あたたかい人間の心という危険
[いぬのえいがひょう] vol.061
メトロポリス
(1926) Metropolis
ベルリンで初めて公開されたバージョンの『メトロポリス』は3時間30分でしたが、その後、フリッツ・ラング監督自身の手で2時間30分に編集し直されました。
またその後、興行上の都合や検閲のため、世界各地でさまざまに編集しなおされ、更に第二次世界大戦時にオリジナルのフィルムが散失されてしまったため、現在、完全な形での映画はもう存在していません。

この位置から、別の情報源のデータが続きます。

(* Let $m\in\mathbb{N}$ and let $X=\{a_1,\dots,a_n\}\subset\mathbb{R}^m$ be a finite point cloud with at least two points, equipped with the Euclidean metric $d_X$. Let $Y=\rho_{\mathrm{UTD}}(X)\subset\mathcal{S}(\mathbb{C}^{m+1})$, let $d_Y$ be the Hilbert--Schmidt metric restricted to $Y$, and let $\lambda=r(X)\sqrt{m(m+1)}$. Then the (Vietoris--Rips) persistent homology of $(X,d_X)$ equals the persistent homology of $(Y,\lambda\,d_Y)$, i.e., for every $k\ge0$ the degree-$k$ persistence vector spaces are isomorphic (equivalently, they have the same persistence diagrams).
   Context: Notation: $\bar a=\frac1n\sum_i a_i$, $\mathrm{diam}(X)=\max_{i,j}\lVert a_i-a_j\rVert$, $r(X)=\mathrm{diam}(X)/2$. $R_m$ is the $(m+1)\times(m+1)$ orthogonal matrix with, for $i,j\le m$, $(R_m)_{ii}=\frac{1+(m-1)\sqrt{m+1}}{m\sqrt{m+1}}$, $(R_m)_{ij}=\frac{1-\sqrt{m+1}}{m\sqrt{m+1}}$ ($i\neq j$), $(R_m)_{m+1,j}=-\frac{1}{\sqrt{m+1}}$ ($j\le m$), $(R_m)_{i,m+1}=\frac1{\sqrt{m+1}}$ (all $i$). The uniform transformation is $\mathcal{T}_X(x)=\frac{1}{r(X)\sqrt{m(m+1)}}R_m\begin{bmatrix}x-\bar a\\0\end{bmatrix}+\frac{1}{m+1}\mathbf{1}_{m+1}$, and $\rho_{\mathrm{UTD}}(x)=\sum_{j=1}^{m+1}\mathcal{T}_X(x)_j|j\rangle\langle j|$ (diagonal density matrix). Hilbert--Schmidt metric: $d_{\mathrm{HS}}(\rho,\sigma)=\sqrt{\mathrm{Tr}[(\rho-\sigma)^\dagger(\rho-\sigma)]}$. For a finite metric space $(Z,d_Z)$ and $\epsilon\ge0$, the Vietoris--Rips complex $\mathcal{R}^\epsilon(Z,d_Z)$ is the abstract simplicial complex whose simplices are nonempty subsets $\sigma\subseteq Z$ with $\mathrm{diam}(\sigma)<\epsilon$ (all singletons included); for $\epsilon\le\epsilon'$ there are inclusions $\mathcal{R}^\epsilon\hookrightarrow\mathcal{R}^{\epsilon'}$. The degree-$k$ persistent homology of $(Z,d_Z)$ is the persistence vector space $\epsilon\mapsto H_k(\mathcal{R}^\epsilon(Z,d_Z);\mathbb{F})$ (simplicial homology over a fixed field $\mathbb{F}$) together with the linear maps induced by these inclusions. *)

From HB Require Import structures.
From mathcomp Require Import all_boot all_order all_algebra.
From mathcomp Require Import finmap.
From mathcomp Require Import complex.
From mathcomp Require Import reals.
Set Implicit Arguments. Unset Strict Implicit. Unset Printing Implicit Defensive.
Import Order.TTheory GRing.Theory Num.Theory.
Local Open Scope ring_scope.
Local Open Scope fset_scope.

Section VR.
Variables (R : realType) (T : choiceType) (d : T -> T -> R) (Z : {fset T}).

Definition in_VR (eps : R) (s : {set Z}) : bool :=
  (s != set0) &&
  ((#|s| == 1)%N || [forall x in s, [forall y in s, d (val x) (val y) < eps]]).

Variable F : fieldType.

(* Vertices are
   ordered by enum_rank (a fixed total order), giving the orientation. *)
Definition chain := {set Z} -> F.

2001年に独ムルナウ財団が、世界各地のフィルムを集めて修復した約2時間のバージョンが2008年現在存在する、最も完全に近いかたちと言われています。(※注)
このバージョンでは、紛失された場面は字幕説明で補われ、更に冒頭と終幕に、以下の格言が挿入されます。これは、脚本を書いたテア・フォン・ハルボウが著した小説版『メトロポリス』にもある言葉です。
「頭脳と手の仲介は心でなければならない」
大都市メトロポリスは、支配階級と労働者階級とに二分された階級社会。
支配階級の人々は富に満ち溢れた地上に住み、日毎娯楽に興じ、労働者階級の人々は支配階級の贅沢な生活を支えるために地下深くの工場で肉体労働を強いられています。
ある日、メトロポリスの支配者ヨー・フレダーセンの息子フレダーが地上の楽園で遊んでいるところへ、地下世界からマリアという美女がみすぼらしい子供たちを連れて迷い込んできます。
「ごらん、あのかたがたも私たちの同胞なの」と子供たちに教え導くマリアの姿に、フレダーは魅了され、マリアの後を追います。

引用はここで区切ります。